Cadence has a PDUFA [Prescription Drug User Fee Act] date of November 4th for its drug Ofirmev. Investors are anticipating it will receive approval. Ofirmev (intravenous acetaminophen) is a new drug formulation in development for the treatment of acute pain and fever in adults and children. If approved, it would be the the only injectable non-opiod, non-NSAID pain product available in the U.S.
Ofirmed received a complete response letter from the FDA in 2010 and stated in the complete response letter that:
The FDA only indicated that deficiencies were observed during the FDA’s facility inspection of Cadence’s third party manufacturer, which was completed on Feb 5th, 2010. The FDA did not site any safety or efficacy issues, nor did it request any additional studies to be conducted prior to approval.
It is widely expected that the FDA will approve Ofirmev barring any setbacks with regards to the manufacturing facility.
What has happened in the past 3 months is that a large short position in CADX has been accrued. With 48 million shares in the float and 50 million outstanding, there is a short position of almost 10 million shares. That would be a little over 20% of the float.
Avanir (NASDAQ:AVNR), which received an FDA approval on Friday (Oct 30th), had 26% of its float shorted before a bear raid occurred in the final 90 minutes of trading action. This took AVNR shares down from $2.90 to a low of $1.31. The stock traded under $2.60 to close the day at $2.43. A few hours later Avanir's drug, Nuedexta, was approved for pseudobulbar affect and the stock traded at over $5 in after-hours trading.
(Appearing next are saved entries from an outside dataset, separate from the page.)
(* Let $\mathbf a\in\mathbb{R}^{\mathbb{N}}$ satisfy: (1) $\mathbf a\ge 0$, $\Delta\mathbf a\le 0$ and $(\Delta\mathbf a)_1<0$; and (2) $\Delta^2\mathbf a\ge 0$ and $(\Delta^2\mathbf a)_1>0$. Then the linear centrality $f^{\mathbf a}$ is rank monotone.
   Context: Graphs are finite directed graphs; $d_G(x,y)$ is the shortest directed path length from $x$ to $y$ ($\infty$ if none). The linear centrality is $f^{\mathbf a}_G(i)=\sum_{z\in V_G,\ d_G(z,i)<\infty}a_{d_G(z,i)}$. For a sequence $\mathbf a$, $\Delta\mathbf a$ is the sequence with $(\Delta\mathbf a)_0=0$ and $(\Delta\mathbf a)_i=a_{i+1}-a_i$ for $i>0$; $\Delta^2\mathbf a=\Delta(\Delta\mathbf a)$; $\mathbf a\ge0$ ($\le0$) means every entry is $\ge0$ ($\le 0$). For a graph $G$ and distinct nodes $x,y$ with $(x,y)\notin E_G$, let $G'$ be $G$ with the arc $x\to y$ added. A centrality $f$ is rank monotone if for all such $G,x,y$ and every node $w\ne y$: if $f_G(w)\le f_G(y)$ then $f_{G'}(w)<f_{G'}(y)$. *)

From HB Require Import structures.
From mathcomp Require Import all_boot all_order all_algebra.
Set Implicit Arguments. Unset Strict Implicit. Unset Printing Implicit Defensive.
Import Order.TTheory GRing.Theory Num.Theory.

Fixpoint walkn (T : finType) (E : rel T) (n : nat) (z i : T) : bool :=
  match n with
  | 0 => z == i
  | n'.+1 => [exists w, E z w && walkn E n' w i]
  end.

(* d_G(z,i) < oo  iff  i is reachable from z (reflexive-transitive closure). *)
Definition reachable (T : finType) (E : rel T) (z i : T) : bool := connect E z i.

(* d_G(z,i): the least n with a walk of length n from z to i.  A shortest walk
   is a simple path, hence has length < #|T|, so searching 0..#|T|-1 suffices;
   the value is only used when z reaches i. *)
Definition dist (T : finType) (E : rel T) (z i : T) : nat :=
  find (fun n => walkn E n z i) (iota 0 #|T|).

Definition lin_centrality (R : numDomainType) (a : nat -> R)
  (T : finType) (E : rel T) (i : T) : R :=
  (\sum_(z | reachable E z i) a (dist E z i))%R.

Definition Delta (R : zmodType) (a : nat -> R) (i : nat) : R :=
  if i is 0 then 0%R else (a i.+1 - a i)%R.

Definition add_arc (T : finType) (E : rel T) (x y : T) : rel T :=
  fun u v => E u v || ((u == x) && (v == y)).

Definition rank_monotone (R : numDomainType)
  (f : forall T : finType, rel T -> T -> R) : Prop :=
  forall (T : finType) (E : rel T) (x y : T),
    x != y -> ~~ E x y ->
    forall w : T, w != y ->
      (f T E w <= f T E y)%R -> (f T (add_arc E x y) w < f T (add_arc E x y) y)%R.

From HB Require Import structures.
From mathcomp Require Import all_boot all_order all_algebra.
From mathcomp Require Import zify lra.
Import Order.TTheory GRing.Theory Num.Theory.
Set Implicit Arguments. Unset Strict Implicit.

(* Adding the arc x -> y can only shorten distances, and a distance to w that
   does shrink is realised by a shortest path through x -> y followed by a
   shortest path from y to w.  Compare, source by source, the gain
   a_{d'(z,w)} - a_{d(z,w)} with the gain a_{d'(z,y)} - a_{d(z,y)}: writing
   p = d'(z,y) = d(z,x) + 1, k = d(y,w) and q = d(z,y) >= p, the first is at
   most a_{p+k} - a_{q+k} (a is nonincreasing and d(z,w) <= q + k), which
   convexity bounds by a_p - a_q.  For z = x we have p = 1 < q and k > 0, and
   strict convexity at 1 makes the inequality strict, so y gains strictly
   more than w in total. *)

Section Walks.
Variables (T : finType) (E : rel T).

Lemma walkn_connect n z v : walkn E n z v -> connect E z v.
Proof.
elim: n z => [|n IHn] z /=; first by move/eqP->.
by case/existsP=> u /andP[Ezu /IHn]; apply: connect_trans; apply: connect1.
Qed.

Lemma walkn_cat m n z u v :
  walkn E m z u -> walkn E n u v -> walkn E (m + n) z v.
Proof.
elim: m z => [|m IHm] z /=; first by move/eqP->.
case/existsP=> w /andP[Ezw Hw] Hn; apply/existsP; exists w.
by rewrite Ezw IHm.
Qed.

Lemma path_walkn p z : path E z p -> walkn E (size p) z (last z p).
Proof.
elim: p z => [|u p IHp] z //= /andP[Ezu Hp].
by apply/existsP; exists u; rewrite Ezu IHp.
Qed.

Lemma connect_walkn_lt_card z v :
  connect E z v -> exists2 n, n < #|T| & walkn E n z v.
Proof.
case/connectP=> p Hp ->; case/shortenP: Hp => p' Hp' uniq_p' _.
exists (size p'); last exact: path_walkn.
by have := max_card (mem (z :: p')); rewrite (card_uniqP uniq_p').
Qed.

Lemma has_walkn z v :
  connect E z v -> has (fun n => walkn E n z v) (iota 0 #|T|).
Proof.
by case/connect_walkn_lt_card=> n ltn Hn; apply/hasP; exists n; rewrite ?mem_iota.
Qed.

Lemma dist_lt_card z v : connect E z v -> dist E z v < #|T|.
Proof. by move/has_walkn; rewrite has_find size_iota. Qed.

Lemma dist_walkn z v : connect E z v -> walkn E (dist E z v) z v.
Proof.
move=> Ezv; have := nth_find 0 (has_walkn Ezv).
by rewrite nth_iota // dist_lt_card.
Qed.

Lemma dist_le n z v : walkn E n z v -> dist E z v <= n.
Proof.
move=> Hn; have ltd := dist_lt_card (walkn_connect Hn).
have [ltn|] := ltnP n #|T|; last exact: leq_trans (ltnW ltd).
rewrite leqNgt; apply/negP=> /(before_find 0).
by rewrite nth_iota // add0n Hn.
Qed.

Lemma dist_xx z : dist E z z = 0.
Proof. by apply/eqP; rewrite -leqn0; apply: dist_le; rewrite /= eqxx. Qed.

Lemma dist_gt0 z v : z != v -> connect E z v -> 0 < dist E z v.
Proof.
move=> zv /dist_walkn; case: (dist E z v) => //= /eqP zv'.
by rewrite zv' eqxx in zv.
Qed.

Lemma dist_gt1 z v : z != v -> ~~ E z v -> connect E z v -> 1 < dist E z v.
Proof.
move=> zv Ezv Hc; have := dist_gt0 zv Hc; have := dist_walkn Hc.
case: (dist E z v) => [|[|n]] //= /existsP[u /andP[Ezu /eqP uv]].
by rewrite -uv Ezu in Ezv.
Qed.

Lemma dist_triangle z u v :
  connect E z u -> connect E u v -> dist E z v <= dist E z u + dist E u v.
Proof. by move=> /dist_walkn Hzu /dist_walkn Huv; exact: dist_le (walkn_cat Hzu Huv). Qed.

End Walks.

Lemma sub_walkn (T : finType) (E1 E2 : rel T) n z v :
  subrel E1 E2 -> walkn E1 n z v -> walkn E2 n z v.
Proof.
move=> E12; elim: n z => [|n IHn] z //= /existsP[u /andP[Ezu Hu]].
by apply/existsP; exists u; rewrite E12 // IHn.
Qed.

Section AddArc.
Variables (T : finType) (E : rel T) (x y : T).
Local Notation E' := (add_arc E x y).

Lemma add_arc_sub : subrel E E'.
Proof. by move=> u v; rewrite /add_arc => ->. Qed.

Lemma walkn_add_arc_via m n z v :
  walkn E m z x -> walkn E n y v -> walkn E' (m.+1 + n) z v.
Proof.
move=> Hm Hn; have Exy : walkn E' 1 x y.
  by apply/existsP; exists y; rewrite /add_arc !eqxx orbT.
rewrite -addn1; apply: walkn_cat (sub_walkn add_arc_sub Hn).
exact: walkn_cat (sub_walkn add_arc_sub Hm) Exy.
Qed.

Lemma walkn_add_arc n z v : walkn E' n z v ->
  walkn E n z v \/ exists m k, [/\ m.+1 + k <= n, walkn E m z x & walkn E k y v].
Proof.
elim: n z => [|n IHn] z /=; first by left.
case/existsP=> u /andP[/orP[Ezu|/andP[/eqP-> /eqP->]] /IHn].
- case=> [Hu|[m [k [le_mk Hm Hk]]]].
    by left; apply/existsP; exists u; rewrite Ezu.
  right; exists m.+1, k; split=> //.
  by apply/existsP; exists u; rewrite Ezu.
- case=> [Hn|[m [k [le_mk _ Hk]]]]; right.
    by exists 0, n; split=> /=.
  by exists 0, k; split=> //=; lia.
Qed.

Lemma connect_add_arc z v : connect E z v -> connect E' z v.
Proof. by apply: connect_sub => u w /add_arc_sub /connect1. Qed.

Lemma dist_add_arc_le z v : connect E z v -> dist E' z v <= dist E z v.
Proof. by move/dist_walkn/(sub_walkn add_arc_sub)/dist_le. Qed.

Lemma dist_add_arc_via z v : connect E z x -> connect E y v ->
  connect E' z v /\ dist E' z v <= (dist E z x).+1 + dist E y v.
Proof.
move=> /dist_walkn Hzx /dist_walkn Hyv; have Hzv := walkn_add_arc_via Hzx Hyv.
by split; [exact: walkn_connect Hzv | exact: dist_le Hzv].
Qed.

Lemma dist_add_arc_cases z v : connect E' z v ->
  (connect E z v /\ dist E' z v = dist E z v) \/
  [/\ connect E z x, connect E y v & dist E' z v = (dist E z x).+1 + dist E y v].
Proof.
move=> /dist_walkn /walkn_add_arc [Hzv|[m [k [le_mk Hm Hk]]]].
  have Ezv := walkn_connect Hzv; left; split=> //.
  by apply/eqP; rewrite eqn_leq dist_add_arc_le // dist_le.
have [Ezx Eyv] := (walkn_connect Hm, walkn_connect Hk).
have [_ le_via] := dist_add_arc_via Ezx Eyv.
have := dist_le Hm; have := dist_le Hk; right; split=> //; lia.
Qed.

End AddArc.

Local Open Scope ring_scope.

Section ConvexSequence.
Variables (R : realFieldType) (a : nat -> R).
Hypothesis a_nonincr : forall i, (0 < i)%N -> a i.+1 <= a i.
Hypothesis a_convex : forall i, (0 < i)%N -> a i.+1 - a i <= a i.+2 - a i.+1.

Lemma nonincr_le i j : (0 < i)%N -> (i <= j)%N -> a j <= a i.
Proof.
move=> i_gt0 /subnK <-; elim: (j - i)%N => [|m IHm] //.
by rewrite addSn; apply: le_trans IHm; apply: a_nonincr; rewrite addn_gt0 i_gt0 orbT.
Qed.

Lemma convex_step_le i j : (0 < i)%N -> (i <= j)%N -> a i.+1 - a i <= a j.+1 - a j.
Proof.
move=> i_gt0 /subnK <-; elim: (j - i)%N => [|m IHm] //.
by rewrite addSn; apply: le_trans IHm _; apply: a_convex; rewrite addn_gt0 i_gt0 orbT.
Qed.

Lemma convex_shift_le p q k :
  (0 < p)%N -> (p <= q)%N -> a (p + k) - a (q + k) <= a p - a q.
Proof.
move=> p_gt0 le_pq; elim: k => [|k IHk]; first by rewrite !addn0.
have := @convex_step_le (p + k)%N (q + k)%N; rewrite !addnS.
by rewrite addn_gt0 p_gt0 leq_add2r le_pq => /(_ isT isT); lra.
Qed.

Lemma convex_shift_lt q k : a 2 - a 1 < a 3 - a 2 ->
  (0 < k)%N -> (1 < q)%N -> a (1 + k) - a (q + k) < a 1 - a q.
Proof.
move=> strict_at1 k_gt0 q_gt1.
have := @convex_step_le 2 k.+1 isT k_gt0.
have := @convex_shift_le 2 q k isT q_gt1.
by rewrite add1n addSn; lra.
Qed.

End ConvexSequence.

Definition centrality_term (R : numDomainType) (a : nat -> R)
    (T : finType) (E : rel T) (z v : T) : R :=
  if reachable E z v then a (dist E z v) else 0.

Definition arc_gain (R : numDomainType) (a : nat -> R)
    (T : finType) (E : rel T) (x y z v : T) : R :=
  centrality_term a (add_arc E x y) z v - centrality_term a E z v.

Lemma lin_centralityE (R : numDomainType) (a : nat -> R) (T : finType) (E : rel T) v :
  lin_centrality a E v = \sum_z centrality_term a E z v.
Proof. by rewrite /lin_centrality big_mkcond. Qed.

Section Gains.
Variables (R : realFieldType) (a : nat -> R).
Hypothesis a_ge0 : forall i, 0 <= a i.
Hypothesis a_nonincr : forall i, (0 < i)%N -> a i.+1 <= a i.
Hypothesis a_convex : forall i, (0 < i)%N -> a i.+1 - a i <= a i.+2 - a i.+1.
Variables (T : finType) (E : rel T) (x y : T).
Local Notation E' := (add_arc E x y).

Lemma centrality_term_connect (F : rel T) z v :
  connect F z v -> centrality_term a F z v = a (dist F z v).
Proof. by rewrite /centrality_term /reachable => ->. Qed.

Lemma centrality_term_disconnect (F : rel T) z v :
  ~~ connect F z v -> centrality_term a F z v = 0.
Proof. by rewrite /centrality_term /reachable => /negbTE ->. Qed.

Lemma centrality_term_ge0 (F : rel T) z v : 0 <= centrality_term a F z v.
Proof. by rewrite /centrality_term; case: ifP => _; [exact: a_ge0 | exact: lexx]. Qed.

Lemma arc_gain_ge0 z v : 0 <= arc_gain a E x y z v.
Proof.
rewrite subr_ge0; have [Ezv|Ezv] := boolP (connect E z v); last first.
  by rewrite centrality_term_disconnect // centrality_term_ge0.
rewrite !centrality_term_connect ?connect_add_arc //.
have [<-|zv] := eqVneq z v; first by rewrite !dist_xx.
by apply: (nonincr_le a_nonincr); rewrite ?dist_add_arc_le ?dist_gt0 ?connect_add_arc.
Qed.

Lemma arc_gain_gt0_shortcut z w : 0 < arc_gain a E x y z w ->
  [/\ connect E y w,
      centrality_term a E' z w = a ((dist E z x).+1 + dist E y w),
      centrality_term a E' z y = a (dist E z x).+1 &
      if connect E z y then
        ((dist E z x).+1 <= dist E z y)%N /\
        a (dist E z y + dist E y w) <= centrality_term a E z w
      else centrality_term a E z y = 0].
Proof.
move=> gain_gt0; have [Ezw'|Ezw'] := boolP (connect E' z w); last first.
  rewrite /arc_gain centrality_term_disconnect // in gain_gt0.
  by have := centrality_term_ge0 E z w; lra.
have [[Ezw dist_eq]|[Ezx Eyw dist_via]] := dist_add_arc_cases Ezw'.
  by rewrite /arc_gain !centrality_term_connect // dist_eq subrr ltxx in gain_gt0.
have [Ezy' le_zy'] := dist_add_arc_via Ezx (connect0 E y).
rewrite dist_xx addn0 in le_zy'.
have dist_zy' : dist E' z y = (dist E z x).+1.
  have := dist_triangle Ezy' (connect_add_arc x y Eyw).
  by have := dist_add_arc_le x y Eyw; rewrite dist_via; lia.
split=> //; first by rewrite centrality_term_connect // dist_via.
  by rewrite centrality_term_connect // dist_zy'.
have [Ezy|Ezy] := boolP (connect E z y); last exact: centrality_term_disconnect.
have Ezw := connect_trans Ezy Eyw.
have le_zw' := dist_add_arc_le x y Ezw; rewrite dist_via in le_zw'.
split; first by rewrite -dist_zy' dist_add_arc_le.
rewrite centrality_term_connect //; apply: (nonincr_le a_nonincr).
  exact: leq_trans le_zw'.
exact: dist_triangle.
Qed.

Lemma arc_gain_le_target z w : arc_gain a E x y z w <= arc_gain a E x y z y.
Proof.
have [le0|/arc_gain_gt0_shortcut[_ gain_w gain_y]] := lerP (arc_gain a E x y z w) 0.
  exact: le_trans le0 (arc_gain_ge0 z y).
rewrite /arc_gain gain_w gain_y; case: ifP => [Ezy [le_pq le_w]|_ ->].
  rewrite [centrality_term _ E z y]centrality_term_connect //.
  by have := convex_shift_le a_convex (dist E y w) (ltn0Sn _) le_pq; lra.
have := centrality_term_ge0 E z w.
by have := nonincr_le a_nonincr (ltn0Sn _) (leq_addr (dist E y w) (dist E z x).+1); lra.
Qed.

Hypothesis a_decr1 : a 2 < a 1.
Hypothesis a_strictly_convex1 : a 2 - a 1 < a 3 - a 2.

Lemma arc_gain_lt_target w : x != y -> ~~ E x y -> w != y ->
  arc_gain a E x y x w < arc_gain a E x y x y.
Proof.
move=> xy nExy wy.
have gain_y : centrality_term a E' x y = a 1.
  have [Exy' le_xy'] := dist_add_arc_via (connect0 E x) (connect0 E y).
  rewrite !dist_xx in le_xy'; rewrite centrality_term_connect //.
  by congr a; apply/eqP; rewrite eqn_leq le_xy' dist_gt0.
have le_y : centrality_term a E x y <= a 2.
  have [Exy|Exy] := boolP (connect E x y); last by rewrite centrality_term_disconnect.
  by rewrite centrality_term_connect // (nonincr_le a_nonincr) // dist_gt1.
have [le0|/arc_gain_gt0_shortcut[Eyw gain_w _]] := lerP (arc_gain a E x y x w) 0.
  by rewrite /arc_gain gain_y in le0 *; move: a_decr1 le0 le_y; lra.
have k_gt0 : (0 < dist E y w)%N by rewrite dist_gt0 // eq_sym.
rewrite /arc_gain gain_w gain_y dist_xx; case: ifP => [Exy [_ le_w]|_ ->].
  rewrite [centrality_term _ E x y]centrality_term_connect //.
  by have := convex_shift_lt a_convex a_strictly_convex1 k_gt0 (dist_gt1 xy nExy Exy); lra.
have := centrality_term_ge0 E x w.
by have := @nonincr_le _ _ a_nonincr 2 (dist E y w).+1 isT k_gt0; move: a_decr1; lra.
Qed.

End Gains.

Theorem proposition4 (R : realFieldType) (a : nat -> R) :
  (forall i, 0 <= a i) ->
  (forall i, Delta a i <= 0) ->
  Delta a 1 < 0 ->
  (forall i, 0 <= Delta (Delta a) i) ->
  0 < Delta (Delta a) 1 ->
  rank_monotone (fun T E i => lin_centrality a (T:=T) E i).
Proof.
move=> a_ge0 Da_le0 Da1_lt0 D2a_ge0 D2a1_gt0 T E x y xy nExy w wy.
have a_nonincr i : (0 < i)%N -> a i.+1 <= a i.
  by case: i => // i _; move: (Da_le0 i.+1) => /=; lra.
have a_convex i : (0 < i)%N -> a i.+1 - a i <= a i.+2 - a i.+1.
  by case: i => // i _; move: (D2a_ge0 i.+1) => /=; lra.
have a_decr1 : a 2 < a 1 by move: Da1_lt0 => /=; lra.
have a_strictly_convex1 : a 2 - a 1 < a 3 - a 2 by move: D2a1_gt0 => /=; lra.
rewrite /= !lin_centralityE => le_wy.
suff : \sum_z arc_gain a E x y z w < \sum_z arc_gain a E x y z y.
  by rewrite !sumrB; lra.
rewrite (bigD1 x) // [X in _ < X](bigD1 x) //=; apply: ltr_leD.
  exact: arc_gain_lt_target.
by apply: ler_sum => z _; apply: arc_gain_le_target.
Qed.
The same thing happened with POZEN (NASDAQ:POZN), back in April, on the day of Pozen's PDUFA date, and also within a few hours left in the trading day. That stock traded over $11 when the market-makers dropped it under $5 that day as well. They then moved it back up to close it over $10 for the day. A lot of stop losses were triggered and short covering took place in both instances with POZN and AVNR.
What investors need to look at is the potential that CADX could possibly be taken down similar to the other stocks I mentioned above because of its large short position going into the approval date. The short position has increased 2 million shares since July as it has moved higher into the decision date. The 10-day average volume has only been about 433,000 shares, so any significant volume (outside of a bear raid) could cause some short covering and cause the stock to appreciate in share price. Based on the short position it would take approximately 22 days to cover. The volatility could create good fortune for opportunistic investors who have potentially low bids in an effort to acquire some lower cost shares.
Click to enlarge:
In the remaining days until an approval decision is given, the price action in CADX will be of special interest to investors. In September, Wedbush Securities started coverage on CADX with an outperform rating and a $12 price target. Investors will be watching Cadence Pharmaceutical closely in the days to come as a decision either way is imminent. Thursday the 4th of November is fast approaching.